The API key is kept secret throughout the procedure by utilizing MPC. No entity holds the entire key, removing the possibility of a single point of failure or someone obtaining the key without authorization. For sending API keys to oracles, MPC offers an extra layer of security, reducing the dangers of key disclosure and unauthorized access. It allows for safe and private communication while upholding the necessary privacy and security of the API keys in a decentralized setting.

Further, we want to ensure that the API keys are not reconstructed without the consent of the API key owner. Therefore an access structure is constructed using MPC inside TEE such that without the consent of the owner of API keys malicious oracles cannot collaborate to reconstruct the keys.

2.3.2) Privacy through ZK Implementation

A zero-knowledge proof (ZKP) is a technique that allows a sender device (prover) to convince a receiver device (verifier) that a certain statement is true, without revealing any extra details or information about the statement itself.

A zk-SNARK (Zero-Knowledge Succinct Non-Interactive Argument of Knowledge) is a type of zk proof system that offers a concise and easily verifiable argument that the prover possesses a witness to a public statement while keeping the witness itself hidden.

The primary strength of zk-SNARKs is that they do not disclose any information about the secret data except for its validity. Additionally, zk-SNARKs offer two key advantages. Firstly, they have broad applicability, as there exist zk-SNARKs that can prove any relationship that can be represented by a finite-sized arithmetic circuit.

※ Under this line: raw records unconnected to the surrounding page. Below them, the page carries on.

(* Let $D$ be a nonempty set and $\epsilon\subseteq D\times D$ a binary relation (write $\epsilon ab$ for $(a,b)\in\epsilon$) such that for all $a,b,c\in D$: $\epsilon ab\Rightarrow\epsilon aa$; $\epsilon ab\wedge\epsilon bc\Rightarrow\epsilon ac$; $\epsilon ab\wedge\epsilon bb\Rightarrow\epsilon ba$. Then $(D,\epsilon)$ satisfies, for all $a,b\in D$, $$\epsilon ab\iff\big(\exists x\in D\,(\epsilon xa\wedge\epsilon xb)\big)\wedge\big(\forall x,y\in D\,(\epsilon xa\wedge\epsilon ya\Rightarrow\epsilon xy)\big)$$ if and only if $D$ contains no singular name.
   Context: A model for $\mathbf{L_1}$ is a pair $(D,\epsilon)$ as in the hypothesis; it is a model for Leśniewski's ontology $\mathbf{L}$ if it satisfies the displayed equivalence (the axiom of $\mathbf{L}$) for all $a,b\in D$. An element $a\in D$ is an atom if $\epsilon aa$. An element $b\in D$ is a singular name if $b$ is not an atom (not $\epsilon bb$), there exists $a\in D$ with $\epsilon ab$, and for all $x,y\in D$, $\epsilon xb\wedge\epsilon yb$ implies $\epsilon xy$. *)

Definition L1_model (D : Type) (eps : D -> D -> Prop) : Prop :=
  (forall a b : D, eps a b -> eps a a) /\
  (forall a b c : D, eps a b -> eps b c -> eps a c) /\
  (forall a b : D, eps a b -> eps b b -> eps b a).

Definition L_model (D : Type) (eps : D -> D -> Prop) : Prop :=
  forall a b : D,
    eps a b <->
    ((exists x : D, eps x a /\ eps x b) /\
     (forall x y : D, eps x a -> eps y a -> eps x y)).

Definition atom (D : Type) (eps : D -> D -> Prop) (a : D) : Prop := eps a a.

Definition singular_name (D : Type) (eps : D -> D -> Prop) (b : D) : Prop :=
  ~ eps b b /\
  (exists a : D, eps a b) /\
  (forall x y : D, eps x b -> eps y b -> eps x y).

From Stdlib Require Import Classical.

(* Write  RHS a b  for the right-hand side of the axiom of L: some x has
   eps x a and eps x b, and any two x, y with eps x a, eps y a satisfy eps x y.
   - In every L_1 model, eps a b implies RHS a b (reflexivity on the left,
     then transitivity and symmetry through the atom a).
   - Conversely, given RHS a b, either a is an atom, and then transitivity
     through the witness x gives eps a b; or a is not an atom, and then a
     is a singular name by the very definition.
   - In a model of L, a name b with a member and uniqueness has RHS b b,
     hence eps b b, so it is never a singular name.
   Only the case split "atom or not" uses classical logic. *)

Section L1Models.

Variable D : Type.
Variable eps : D -> D -> Prop.

Definition L_rhs (a b : D) : Prop :=
  (exists x : D, eps x a /\ eps x b) /\
  (forall x y : D, eps x a -> eps y a -> eps x y).

(* In a model of L, a name with a member and at most one member (up to eps)
   is an atom; hence such a model has no singular name. *)
Lemma L_model_no_singular_name :
  L_model D eps -> ~ (exists b : D, singular_name D eps b).
Proof.
  intros HL [b [Hnot_atom [[a Hab] Huniq]]].
  apply Hnot_atom, (proj2 (HL b b)).
  split; [exists a; split | ]; assumption.
Qed.

Hypothesis HL1 : L1_model D eps.

Lemma L1_eps_rhs (a b : D) : eps a b -> L_rhs a b.
Proof.
  destruct HL1 as [Hrefl [Htrans Hsym]]; intros Hab.
  assert (Haa : eps a a) by (apply (Hrefl a b); exact Hab).
  split.
  - exists a; split; assumption.
  - intros x y Hxa Hya.
    (* y is a member of the atom a, so a is a member of y. *)
    apply (Htrans x a y); [exact Hxa | apply Hsym; assumption].
Qed.

(* For an atom a, the right-hand side yields eps a b: the witness x has
   eps a x by uniqueness, and then eps x b. *)
Lemma L1_rhs_atom (a b : D) : eps a a -> L_rhs a b -> eps a b.
Proof.
  destruct HL1 as [_ [Htrans _]].
  intros Haa [[x [Hxa Hxb]] Huniq].
  apply (Htrans a x b); [apply Huniq | ]; assumption.
Qed.

Lemma rhs_non_atom_singular (a b : D) :
  ~ eps a a -> L_rhs a b -> singular_name D eps a.
Proof.
  intros Hnot_atom [[x [Hxa _]] Huniq].
  split; [exact Hnot_atom | split; [exists x; exact Hxa | exact Huniq]].
Qed.

Lemma L1_no_singular_name_L_model :
  ~ (exists b : D, singular_name D eps b) -> L_model D eps.
Proof.
  intros Hno_sing a b; split.
  - exact (L1_eps_rhs a b).
  - intros Hrhs.
    destruct (classic (eps a a)) as [Haa | Hnot_atom].
    + exact (L1_rhs_atom a b Haa Hrhs).
    + exfalso; apply Hno_sing.
      exists a; exact (rhs_non_atom_singular a b Hnot_atom Hrhs).
Qed.

End L1Models.

Theorem theorem5p2 (D : Type) (eps : D -> D -> Prop)
  (HD : inhabited D) (H1 : L1_model D eps) :
  L_model D eps <-> ~ (exists b : D, singular_name D eps b).
Proof.
  split.
  - exact (L_model_no_singular_name D eps).
  - exact (L1_no_singular_name_L_model D eps H1).
Qed.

Secondly, zk-SNARKs have efficient verification, with proof size and verification time scaling sublinearly with the amount of secret data (usually in the order of kilobytes and tens of milliseconds), and anyone can perform the verification.

However, there are also two important limitations associated with zk-SNARKs.

First, the process of generating a proof can be computationally expensive. It often takes thousands of times longer to generate proof compared to directly checking the underlying relationship. This can be a significant drawback in terms of computational resources and time requirements.

Second, zk-SNARKs are designed to work with secret data held by a single party.

They do not natively support scenarios where the secret data is distributed or shared among multiple parties. This limitation restricts the applicability of zk-SNARKs in situations where collaborative proof generation is required. The constraint of having the secret data held by a single party imposes restrictions on the range of applications that can benefit from zk-SNARKs. It prevents the use of zk-SNARKs in scenarios where the secret data is distributed among multiple mutually distrusting parties.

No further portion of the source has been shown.